The tortoise kept running. The hare, not so much.

Ahead 99-84 with less than five minutes left, the Thunder choked. Stopped short of the finish line in a game it had to win for any reasonable hope of reaching the NBA Finals.

Now, the Mavs have a three games to one lead in this series and seem perfectly capable of ending this with a gentle push in Game 5 Wednesday night.

In the last five minutes of regulation, Dallas outscored the Thunder 17-2. In the last 41 seconds of overtime, the Mavs outscored OKC 7-0.

The Mavs played smart and possessed. The Thunder played reckless and stupid.

Bad shots. Turnovers. Idiotic fouls. What-was-he-thinking decisions.

A despondent Kevin Durant claimed youth had nothing to do with it.

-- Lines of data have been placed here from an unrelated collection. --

(* There is an absolute constant $C>0$ such that for all sufficiently large positive integers $n\le m$ the following holds. For every fixed $\mathbf{y}\in\mathbb{C}^m$, if $\mathbf{x}\sim CN(0,\mathbf{I}_{m\times m}/m)$, then with probability at least $1-m\exp(-n/6)$, \[ \frac1m\|\mathrm{phase}(\mathbf{x}+\mathbf{y})-\mathrm{phase}(\mathbf{x})\|_1\le C\log m\,\max\Big(\|\mathbf{y}\|,\frac nm\Big). \]
   Context: For $z\in\mathbb{C}\setminus\{0\}$, $\mathrm{phase}(z)=z/|z|$, and for a vector $\mathrm{phase}$ acts entrywise. $\|\cdot\|_1$ is the sum of moduli of entries and $\|\cdot\|$ the Euclidean norm. $CN(0,\Sigma)$ is the complex normal distribution with real and imaginary parts independent $N(0,\Sigma/2)$. *)

From HB Require Import structures.
From mathcomp Require Import all_boot all_order all_algebra.
From mathcomp Require Import all_classical all_reals all_analysis.
Set Implicit Arguments. Unset Strict Implicit. Unset Printing Implicit Defensive.
Import Order.TTheory GRing.Theory Num.Theory.
Local Open Scope classical_set_scope.
Local Open Scope ring_scope.

(* Complex numbers are represented as pairs (real part, imaginary part). *)

Definition cmod {R : realType} (z : R * R) : R := Num.sqrt (z.1 ^+ 2 + z.2 ^+ 2).

(* phase z = z/|z|  (convention: phase 0 = 0, an event of probability zero) *)
Definition cphase {R : realType} (z : R * R) : R * R :=
  (z.1 / cmod z, z.2 / cmod z).

Definition czadd {R : realType} (z w : R * R) : R * R := (z.1 + w.1, z.2 + w.2).
Definition czsub {R : realType} (z w : R * R) : R * R := (z.1 - w.1, z.2 - w.2).

Definition cnorm1 {R : realType} (m : nat) (v : 'I_m -> R * R) : R :=
  \sum_(i < m) cmod (v i).

Definition cnorm2 {R : realType} (m : nat) (v : 'I_m -> R * R) : R :=
  Num.sqrt (\sum_(i < m) ((v i).1 ^+ 2 + (v i).2 ^+ 2)).

(* Mutual independence of a finite family of real random variables:
   the product rule for every family of Borel sets (taking B i = setT
   covers every subfamily). *)
Definition mutually_independent {R : realType} (d : measure_display)
  (T : measurableType d) (P : probability T R) (I : finType) (X : I -> T -> R) :=
  forall B : I -> set R, (forall i, measurable (B i)) ->
    P (\bigcap_(i in [set: I]) (X i @^-1` B i)) =
    (\prod_(i : I) P (X i @^-1` B i))%E.

(* x ~ CN(0, I_m / m): the 2m real coordinates (true = real part,
   false = imaginary part) are mutually independent N(0, 1/(2m)). *)
Definition is_CN_scaled {R : realType} (d : measure_display)
  (T : measurableType d) (P : probability T R) (m : nat)
  (X : bool * 'I_m -> T -> R) :=
  (forall k, measurable_fun [set: T] (X k)) /\
  mutually_independent P X /\
  (forall k (A : set R), measurable A ->
     P (X k @^-1` A) = normal_prob 0 (Num.sqrt (1 / (2 * m%:R))) A).

Definition cvec {R : realType} (T : Type) (m : nat) (X : bool * 'I_m -> T -> R)
  (w : T) : 'I_m -> R * R := fun i => (X (true, i) w, X (false, i) w).

From HB Require Import structures.
From mathcomp Require Import all_boot all_order all_algebra.
From mathcomp Require Import all_classical all_reals all_analysis.
From mathcomp Require Import ring lra measurable_realfun.
Import Order.TTheory GRing.Theory Num.Theory.
Local Open Scope classical_set_scope.
Local Open Scope ring_scope.

(* Pointwise, |phase (a + b) - phase a| <= min (2, 2|b|/|a|) <= t |b|^2 + 1/(t |a|^2)
   for every t > 0 (AM-GM).  Call x well spread when, for every j >= n, fewer than j
   of the |x_i|^2 lie below c j / m^2.  Then a coordinate whose |x_i|^2 has rank r_i
   contributes at most 2 if r_i < n, and at most t |y_i|^2 + m^2 / (c t r_i) otherwise;
   the ranks give a harmonic sum <= 1 + ln m, and t = m / max (||y||, n/m) yields the
   bound with C = 3 + 2/c.
   Each real coordinate has density at most sqrt (m/pi), so a fixed set of j
   coordinates is simultaneously below c j / m^2 with probability at most
   (4 c j / (pi m))^j.  A union bound over the C(m, j) <= m^j / j! such sets, with
   j^j / j! <= e^j, gives e^-j once 2c <= e^-2; summing over n <= j <= m, x fails to
   be well spread with probability at most m e^-n. *)

Section ComplexPairs.
Context {R : realType}.
Implicit Types (a b z : R * R) (k t : R).

Lemma cmod_ge0 z : 0 <= cmod z.
Proof. exact: sqrtr_ge0. Qed.

Lemma sqr_cmod z : cmod z ^+ 2 = z.1 ^+ 2 + z.2 ^+ 2.
Proof. by rewrite sqr_sqrtr // addr_ge0 ?sqr_ge0. Qed.

Lemma cmodZ k z : cmod (k * z.1, k * z.2) = `|k| * cmod z.
Proof. by rewrite /cmod /= !exprMn -mulrDr sqrtrM ?sqr_ge0 // sqrtr_sqr. Qed.

Lemma cmodN z : cmod (- z.1, - z.2) = cmod z.
Proof. by rewrite /cmod /= !sqrrN. Qed.

Lemma cmodD_le a b : cmod (czadd a b) <= cmod a + cmod b.
Proof.
have a_ge0 := cmod_ge0 a; have b_ge0 := cmod_ge0 b.
rewrite -[leRHS]ger0_norm ?addr_ge0 // -sqrtr_sqr ler_sqrt ?sqr_ge0 //.
have cauchy_schwarz : a.1 * b.1 + a.2 * b.2 <= cmod a * cmod b.
  rewrite (le_trans (ler_norm _)) // -sqrtr_sqr -sqrtrM ?addr_ge0 ?sqr_ge0 //.
  rewrite ler_sqrt ?mulr_ge0 ?addr_ge0 ?sqr_ge0 //.
  have : 0 <= (a.1 * b.2 - a.2 * b.1) ^+ 2 by exact: sqr_ge0.
  lra.
have := sqr_cmod a; have := sqr_cmod b; rewrite /czadd /=; nra.
Qed.

Lemma cmod_cphase z : cmod z != 0 -> cmod (cphase z) = 1.
Proof.
move=> z_neq0; rewrite /cphase !(mulrC z.1) !(mulrC z.2) cmodZ.
by rewrite ger0_norm ?invr_ge0 ?cmod_ge0 // mulVf.
Qed.

Lemma cmod_cphase_le1 z : cmod (cphase z) <= 1.
Proof.
have [z0|/cmod_cphase -> //] := eqVneq (cmod z) 0.
by rewrite /cphase z0 invr0 !mulr0 /cmod /= expr0n /= addr0 sqrtr0.
Qed.

Definition phase_gap a b : R := cmod (czsub (cphase (czadd a b)) (cphase a)).

Lemma phase_gap_le2 a b : phase_gap a b <= 2.
Proof.
rewrite (le_trans (cmodD_le _ (- (cphase a).1, - (cphase a).2))) // cmodN.
by rewrite lerD ?cmod_cphase_le1.
Qed.

Lemma phase_gap_le a b : 0 < cmod a -> cmod a * phase_gap a b <= 2 * cmod b.
Proof.
move=> a_gt0; set u := czadd a b.
have a_le : cmod a <= cmod u + cmod b.
  by have := cmodD_le u (- b.1, - b.2); rewrite cmodN /u /czadd /= !addrK.
have u_le : cmod u <= cmod a + cmod b by exact: cmodD_le.
have [u0|u_neq0] := eqVneq (cmod u) 0.
  have phase_u : cphase u = (0, 0) by rewrite /cphase u0 invr0 !mulr0.
  rewrite /phase_gap -/u phase_u.
  have -> : czsub (0, 0) (cphase a) = (- (cphase a).1, - (cphase a).2).
    by rewrite /czsub /= !sub0r.
  rewrite cmodN cmod_cphase ?gt_eqF //.
  by have := cmod_ge0 b; lra.
have u_gt0 : 0 < cmod u by rewrite lt_def u_neq0 cmod_ge0.
(* |a| (phase u - phase a) = ((|a| - |u|) / |u|) u + b, as b = u - a *)
set s := (cmod a - cmod u) / cmod u.
have -> : cmod a * phase_gap a b = cmod (czadd (s * u.1, s * u.2) b).
  rewrite /phase_gap -[cmod a in LHS]ger0_norm ?cmod_ge0 // -cmodZ -/u.
  congr cmod; rewrite /czadd /czsub /cphase /s /=.
  have [-> ->] : b.1 = u.1 - a.1 /\ b.2 = u.2 - a.2.
    by split; rewrite addrAC subrr add0r.
  by congr (_, _); field; rewrite !gt_eqF.
rewrite (le_trans (cmodD_le _ _)) // cmodZ normrM.
rewrite [`|(cmod u)^-1|]gtr0_norm ?invr_gt0 // mulfVK ?gt_eqF //.
have : `|cmod a - cmod u| <= cmod b by rewrite ler_norml; apply/andP; split; lra.
by have := cmod_ge0 b; lra.
Qed.

Lemma phase_gap_le_AMGM t a b : 0 < t -> 0 < cmod a ->
  phase_gap a b <= t * cmod b ^+ 2 + (t * cmod a ^+ 2)^-1.
Proof.
move=> t_gt0 a_gt0.
have gap_le : phase_gap a b <= 2 * cmod b / cmod a.
  by rewrite ler_pdivlMr // mulrC phase_gap_le.
apply: (le_trans gap_le); rewrite -subr_ge0.
have -> : t * cmod b ^+ 2 + (t * cmod a ^+ 2)^-1 - 2 * cmod b / cmod a =
          (t * cmod a ^+ 2)^-1 * (t * cmod b * cmod a - 1) ^+ 2.
  by field; rewrite !gt_eqF.
by rewrite mulr_ge0 ?sqr_ge0 // invr_ge0 mulr_ge0 ?sqr_ge0 ?ltW.
Qed.

Lemma cnorm2_sqr m (y : 'I_m -> R * R) :
  cnorm2 y ^+ 2 = \sum_(i < m) cmod (y i) ^+ 2.
Proof.
rewrite sqr_sqrtr; last by rewrite sumr_ge0 // => i _; rewrite addr_ge0 ?sqr_ge0.
by apply: eq_bigr => i _; rewrite sqr_cmod.
Qed.
Lemma bkey_class_sum b j (F : nat -> nat) : j < bsize b ->
  \sum_(j' <- iota 0 (bsize b) | bkey b j' == bkey b j) F j' =
  \sum_(j' <- iota (bkey b j) (blen b)) F j'.
Proof.
move=> hj; rewrite -(@big_iota_subinterval F (bsize b)); last first.
  by move: hj; rewrite /bkey /bsize; case: (paired b); case: ifP; lia.
rewrite big_seq_cond [RHS]big_seq_cond; apply: eq_bigl => j'; rewrite mem_iota.
apply/idP/idP; move: hj; rewrite /bkey /bsize; case: (paired b); case: ifP; case: ifP; lia.
Qed.

Lemma bz_class_sum b j : j < bsize b ->
  \sum_(j' <- iota (bkey b j) (blen b)) bz b j' = bmass b j.
Proof.
have L0 := blen_gt0 b; rewrite /bkey /bmass /bz => hj.
case: (ltnP j (blen b)) => h.
  rewrite -(prednK L0) /= big_cons /= big_seq big1 ?addn0 // => x.
  by rewrite mem_iota; case: x.
by rewrite big_seq big1 // => x; rewrite mem_iota; case: x => //; lia.
Qed.

Lemma bmass_broot b j : j < bsize b -> bmass b j + bmass b (broot b j) = bcolor b.
Proof.
have L0 := blen_gt0 b; rewrite /bmass /broot /bcolor /bsize.
case: (paired b) => /= hj; last by rewrite hj ltn_pmod.
case: (ltnP j (blen b)) => h; last by rewrite ltn_pmod.
by rewrite ifF ?addn0 //; lia.
Qed.

(* A list of blocks is laid out on consecutive intervals of [nat]; [blockmap f] and
   [blockval f] apply the local map or value [f] inside the block of a point. *)
Fixpoint blockmap (f : block -> nat -> nat) (bs : seq block) (x : nat) : nat :=
  if bs is b :: bs' then
    if x < bsize b then f b x else bsize b + blockmap f bs' (x - bsize b)
  else x.

Fixpoint blockval (f : block -> nat -> nat) (bs : seq block) (x : nat) : nat :=
  if bs is b :: bs' then
    if x < bsize b then f b x else blockval f bs' (x - bsize b)
  else 0.

Definition total_size (bs : seq block) := \sum_(b <- bs) bsize b.

Lemma total_size_cons b bs : total_size (b :: bs) = bsize b + total_size bs.
Proof. exact: big_cons. Qed.

Lemma blockmap_lt f bs x : bounded f -> x < total_size bs -> blockmap f bs x < total_size bs.
Proof.
move=> hf; elim: bs x => [|b bs IH] x //=; rewrite total_size_cons => hx.
case: (ltnP x (bsize b)) => h; first by have := hf b x h; lia.
by have := IH (x - bsize b); lia.
Qed.

Lemma eq_blockmap f g bs x : (forall b j, j < bsize b -> f b j = g b j) ->
  blockmap f bs x = blockmap g bs x.
Proof.
move=> e; elim: bs x => [|b bs IH] x //=.
by case: (ltnP x (bsize b)) => h; rewrite ?e ?IH.
Qed.

Lemma eq_blockval f g bs x : (forall b j, j < bsize b -> f b j = g b j) ->
  blockval f bs x = blockval g bs x.
Proof.
move=> e; elim: bs x => [|b bs IH] x //=.
by case: (ltnP x (bsize b)) => h; rewrite ?e ?IH.
Qed.

Lemma blockmap_id bs x : blockmap (fun _ j => j) bs x = x.
Proof.
elim: bs x => [|b bs IH] x //=.
by case: (ltnP x (bsize b)) => h //; rewrite IH subnKC.
Qed.

Lemma blockmap_comp f g bs x : bounded g -> x < total_size bs ->
  blockmap f bs (blockmap g bs x) = blockmap (fun b j => f b (g b j)) bs x.
Proof.
move=> hg; elim: bs x => [|b bs IH] x //=; rewrite total_size_cons => hx.
case: (ltnP x (bsize b)) => h; first by rewrite hg.
by rewrite ifF ?addKn ?IH //; lia.
Qed.

Lemma blockval_comp f g bs x : bounded g -> x < total_size bs ->
  blockval f bs (blockmap g bs x) = blockval (fun b j => f b (g b j)) bs x.
Proof.
move=> hg; elim: bs x => [|b bs IH] x //=; rewrite total_size_cons => hx.
case: (ltnP x (bsize b)) => h; first by rewrite hg.
by rewrite ifF ?addKn ?IH //; lia.
Qed.

Lemma blockvalD f g bs x :
  blockval f bs x + blockval g bs x = blockval (fun b j => f b j + g b j) bs x.
Proof. by elim: bs x => [|b bs IH] x //=; case: ifP. Qed.

Lemma blockval_const c bs x : x < total_size bs -> blockval (fun _ _ => c) bs x = c.
Proof.
elim: bs x => [|b bs IH] x; first by rewrite /total_size big_nil.
by rewrite total_size_cons /=; case: ifP => // h hx; apply: IH; lia.
Qed.

Lemma blockmap_inj f bs x y : bounded f ->
  (forall b j j', j < bsize b -> j' < bsize b -> f b j = f b j' -> j = j') ->
  x < total_size bs -> y < total_size bs -> blockmap f bs x = blockmap f bs y -> x = y.
Proof.
move=> hf f_inj; elim: bs x y => [|b bs IH] x y; first by rewrite /total_size big_nil.
rewrite total_size_cons /= => hx hy.
case: (ltnP x (bsize b)) => h1; case: (ltnP y (bsize b)) => h2.
- exact: f_inj.
- by have := hf b x h1; lia.
- by have := hf b y h2; lia.
- move=> e; have : x - bsize b = y - bsize b by apply: IH; lia.
  lia.
Qed.

Lemma blockmap_orbit bs x y : x < total_size bs -> y < total_size bs ->
  (exists i, y = blockmap (brot i) bs x) <-> blockmap bkey bs y = blockmap bkey bs x.
Proof.
elim: bs x y => [|b bs IH] x y; first by rewrite /total_size big_nil.
rewrite total_size_cons /= => hx hy.
case: (ltnP x (bsize b)) => h1; case: (ltnP y (bsize b)) => h2.
- exact: bkey_orbit.
- split=> [[i e]|]; first by have := brot_bounded i h1; lia.
  by have := bkey_bounded h1; lia.
- split=> [[i e]|]; first by have := brot_bounded i h2; lia.
  by have := bkey_bounded h2; lia.
- have [||to_key of_key] := IH (x - bsize b) (y - bsize b); try lia.
  split=> [[i e]|e]; first by rewrite to_key //; exists i; lia.
  by have [|i ei] := of_key; [lia | exists i; lia].
Qed.

Lemma blockval_class_sum w bs x : x < total_size bs ->
  \sum_(y <- iota 0 (total_size bs) | blockmap bkey bs y == blockmap bkey bs x)
    blockval w bs y =
  blockval (fun b j => \sum_(j' <- iota (bkey b j) (blen b)) w b j') bs x.
Proof.
elim: bs x => [|b bs IH] x; first by rewrite /total_size big_nil.
rewrite total_size_cons => hx.
rewrite iotaD big_cat /= add0n -[in iota (bsize b) _](addn0 (bsize b)) iotaDl big_map.
have [h|h] := ltnP x (bsize b).
  rewrite -bkey_class_sum // [X in _ + X]big_seq_cond [X in _ + X]big1 ?addn0; last first.
    by move=> y /andP[_ /eqP]; have := bkey_bounded h; rewrite /= ifF //; lia.
  rewrite big_seq_cond [RHS]big_seq_cond; apply: eq_big => [y|y /andP[]].
    by rewrite mem_iota /=; case: ltnP.
  by rewrite mem_iota /= => ->.
rewrite big_seq_cond big1 ?add0n => [|y /andP[]]; last first.
  rewrite mem_iota add0n /= => hy /eqP; have := bkey_bounded hy; rewrite hy; lia.
rewrite -IH; last lia.
by apply: eq_big => [y|y _]; rewrite /= ifF ?addKn ?eqn_add2l //; lia.
Qed.

Lemma count_blockval (P : nat -> nat -> bool) f g bs :
  count (fun y => P (blockval f bs y) (blockval g bs y)) (iota 0 (total_size bs)) =
  \sum_(b <- bs) count (fun j => P (f b j) (g b j)) (iota 0 (bsize b)).
Proof.
elim: bs => [|b bs IH]; first by rewrite /total_size !big_nil.
rewrite total_size_cons big_cons iotaD count_cat add0n.
rewrite -[in iota (bsize b) _](addn0 (bsize b)) iotaDl count_map -IH.
congr (_ + _); first by apply: eq_in_count => j; rewrite mem_iota /= => ->.
apply: eq_count => j /=; have -> : (bsize b + j < bsize b) = false by lia.
by rewrite addKn.
Qed.

Lemma card_porbit_points (T : finType) (s : {perm T}) (Q : pred {set T}) :
  #|[set x | Q (porbit s x)]| = \sum_(C in porbits s | Q C) #|C|.
Proof.
rewrite -sum1_card (partition_big (porbit s) (fun C => (C \in porbits s) && Q C)); last first.
  by move=> x; rewrite inE => Qx; rewrite imset_f.
apply: eq_bigr => C /andP[/imsetP[y _ ->] QC]; rewrite -sum1_card; apply: eq_bigl => x.
rewrite inE eq_porbit_mem; case: (boolP (x \in porbit s y)) => [xy|]; rewrite ?andbF //.
by rewrite andbT; move: xy; rewrite -eq_porbit_mem => /eqP ->.
Qed.

Lemma muln_cycle_mult r n (p : gelt r n) (t : 'I_r) l :
  l * cycle_mult p t l =
  #|[set x | (#|porbit p.2 x| == l) && (cycle_color p (porbit p.2 x) == t)]|.
Proof.
rewrite (card_porbit_points p.2 (fun C => (#|C| == l) && (cycle_color p C == t))).
rewrite /cycle_mult -sum1_card big_distrr /= muln1 big_mkcond [RHS]big_mkcond /=.
apply: eq_bigr => C _; rewrite inE; case: (C \in porbits p.2) => //=.
by case: eqP => //= ->; case: eqP.
Qed.

Lemma cycle_mult0 r n (p : gelt r n) (t : 'I_r) : cycle_mult p t 0 = 0.
Proof.
apply/eqP; rewrite cards_eq0; apply/eqP/setP => C; rewrite !inE.
by apply/negP => /andP[/imsetP[x _ ->] /andP[]]; rewrite (negbTE (card_porbit_neq0 _ _)).
Qed.

Lemma sum_ord_pred n (Q : pred nat) (F : nat -> nat) :
  \sum_(u in [set u : 'I_n | Q u]) F u = \sum_(y <- iota 0 n | Q y) F y.
Proof.
have -> : iota 0 n = index_iota 0 n by rewrite /index_iota subn0.
by rewrite big_mkord; apply: eq_bigl => u; rewrite inE.
Qed.

Lemma card_ord_pred n (Q : pred nat) : #|[set u : 'I_n | Q u]| = count Q (iota 0 n).
Proof. by rewrite -sum1_card (@sum_ord_pred n Q (fun _ => 1)) sum1_count. Qed.

Definition on_ord n (f : nat -> nat) (x : 'I_n) : 'I_n := insubd x (f x).

Lemma on_ordE n (f : nat -> nat) (x : 'I_n) : f x < n -> val (on_ord f x) = f x.
Proof. by move=> fx; rewrite val_insubd fx. Qed.

Section BlockRoot.
Variables (r n : nat) (bs : seq block).
Hypotheses (r_gt0 : 0 < r) (bs_size : total_size bs = n).

Local Notation root := (blockmap broot bs).

Let lt_size (x : 'I_n) : x < total_size bs.
Proof. by rewrite bs_size. Qed.

Let iota_size : iota 0 n = iota 0 (total_size bs).
Proof. by rewrite bs_size. Qed.

Lemma root_lt x : x < n -> root x < n.
Proof. by rewrite -bs_size => hx; apply: blockmap_lt => //; exact: broot_bounded. Qed.

Lemma rootK x : x < n -> root (root x) = blockmap (brot 1) bs x.
Proof.
rewrite -bs_size => hx; rewrite blockmap_comp //; last exact: broot_bounded.
exact: eq_blockmap brootK.
Qed.

Lemma root_inj : injective (@on_ord n root).
Proof.
move=> x y /(congr1 val); rewrite !on_ordE ?root_lt // => /(congr1 root).
rewrite !rootK // => e; apply: val_inj.
by apply: (blockmap_inj (@brot_bounded 1)) e => //; exact: brot1_inj.
Qed.

Definition root_perm : {perm 'I_n} := perm root_inj.

Lemma root_permE x : val (root_perm x) = root x.
Proof. by rewrite permE on_ordE ?root_lt. Qed.

Lemma root_perm_sqrX i x :
  val (((root_perm * root_perm) ^+ i)%g x) = blockmap (brot i) bs x.
Proof.
elim: i => [|i IH].
  by rewrite expg0 perm1 -[LHS](blockmap_id bs); apply: eq_blockmap => b j /brot0 ->.
have hi : blockmap (brot i) bs x < n.
  by have := blockmap_lt (@brot_bounded i) (lt_size x); rewrite bs_size.
rewrite expgSr !permM !root_permE IH rootK // blockmap_comp //; last exact: brot_bounded.
by apply: eq_blockmap => b j _; rewrite brotD addn1.
Qed.

Definition root_color : {ffun 'I_n -> 'I_r} :=
  [ffun u : 'I_n => Ordinal (ltn_pmod (blockval bz bs u) r_gt0)].

Definition root_elt : gelt r n := (root_color, root_perm).

Local Notation P := (porbit (root_perm * root_perm)%g).

Lemma porbit_root_sqr x :
  P x = [set y : 'I_n | blockmap bkey bs y == blockmap bkey bs x].
Proof.
apply/setP => y; rewrite inE; have key_orbit := blockmap_orbit (lt_size x) (lt_size y).
apply/porbitP/eqP => [[i yE]|/key_orbit[i e]].
  by apply/key_orbit; exists i; rewrite yE root_perm_sqrX.
by exists i; apply: val_inj; rewrite root_perm_sqrX.
Qed.

Lemma card_porbit_root_sqr x : #|P x| = blockval (fun b _ => blen b) bs x.
Proof.
rewrite porbit_root_sqr (@card_ord_pred n (fun z => blockmap bkey bs z == blockmap bkey bs x)).
rewrite -sum1_count iota_size.
rewrite big_seq_cond (eq_bigr (fun y => blockval (fun _ _ => 1) bs y)); last first.
  by move=> y /andP[]; rewrite mem_iota => /andP[_ /blockval_const].
rewrite -big_seq_cond blockval_class_sum //; apply: eq_blockval => b j _.
by rewrite sum1_size size_iota.
Qed.

Lemma zsum_porbit_root_sqr x : zsum root_elt (P x) = blockval bmass bs x %[mod r].
Proof.
rewrite /zsum /=; under eq_bigr => u _ do rewrite ffunE /=.
rewrite modn_summ porbit_root_sqr.
rewrite (@sum_ord_pred n (fun z => blockmap bkey bs z == blockmap bkey bs x)) iota_size.
rewrite blockval_class_sum //; congr (_ %% r).
by apply: eq_blockval => b j; exact: bz_class_sum.
Qed.

Lemma cycle_color_root_sqr x :
  cycle_color (gmul root_elt root_elt) (P x) = blockval (fun b _ => bcolor b) bs x %% r.
Proof.
rewrite cycle_color_porbit_sqr -modnDm !zsum_porbit_root_sqr modnDm /= root_permE.
rewrite blockval_comp //; last exact: broot_bounded.
by rewrite blockvalD; congr (_ %% r); apply: eq_blockval => b j; exact: bmass_broot.
Qed.

Lemma muln_cycle_mult_root (t : 'I_r) l :
  l * cycle_mult (gmul root_elt root_elt) t l =
  \sum_(b <- bs) ((blen b == l) && (bcolor b %% r == t)) * bsize b.
Proof.
rewrite muln_cycle_mult /=.
under eq_finset => x do rewrite card_porbit_root_sqr cycle_color_root_sqr.
rewrite (@card_ord_pred n (fun y => (blockval (fun b _ => blen b) bs y == l) &&
                                 (blockval (fun b _ => bcolor b) bs y %% r == t))).
rewrite iota_size (count_blockval (fun a c => (a == l) && (c %% r == t))).
by apply: eq_bigr => b _; case: (_ && _); rewrite ?count_predT ?count_pred0 ?size_iota ?mul1n.
Qed.

End BlockRoot.

(* [(r + 1) / 2] is the inverse of [2] modulo an odd [r]. *)
Definition half_color r t := if odd r then (t * r.+1./2) %% r else t./2.

Lemma half_colorK r t : t < r -> odd r || ~~ odd t ->
  (half_color r t + half_color r t) %% r = t.
Proof.
move=> tr; rewrite /half_color; case: ifP => [odd_r _ | _ /= even_t].
  rewrite modnDm addnn doubleMr.
  have -> : r.+1./2.*2 = r.+1 by rewrite -[RHS]odd_double_half /= odd_r.
  by rewrite mulnS addnC modnMDl modn_small.
by rewrite addnn -[X in _ = X]odd_double_half (negbTE even_t) modn_small // -addnn; lia.
Qed.

(* The cycles of length [l] and color [t]: each is the square of an [l]-cycle of color
   [t / 2] when [l] is odd and [t] can be halved; otherwise they come in pairs, each
   pair being the square of a [2l]-cycle of color [t]. *)
Definition color_blocks r (s : seq nat) (t l : nat) : seq block :=
  if odd l && (odd r || ~~ odd t) then nseq (count_mem l s) (Block false l./2 (half_color r t))
  else nseq (count_mem l s)./2 (Block true l.-1 t).

Definition root_blocks r (lam : 'I_r -> seq nat) : seq block :=
  flatten [seq flatten [seq color_blocks r (lam t) t l | l <- undup (lam t)]
          | t <- index_enum 'I_r].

“This is basketball, man,” Durant said. “Our youth has nothing to do with what we were doing on the floor. We've showed we can play on this level.”

Better hope he's wrong. Youth means you can grow out of this kind of choke. If youth has nothing to do with it, a game like this could scar the franchise.

The Thunder lost its edge, then lost its mind.

“Was that youth?” asked Thunder coach Scotty Brooks. “I don't know. That's how we've had some success all year, playing with a young team.”

But for 60 years, NBA veterans have talked about how everything changes in the playoffs.

And while Durant technically was right — the Thunder has shown it can play on this level, it has not shown it can win on this level.

A few examples of the Blunder Up:

*Thrice in the last four minutes, the Thunder fouled in the backcourt, which meant the Mavs went to the foul line and could slice away at the lead with no time off the clock.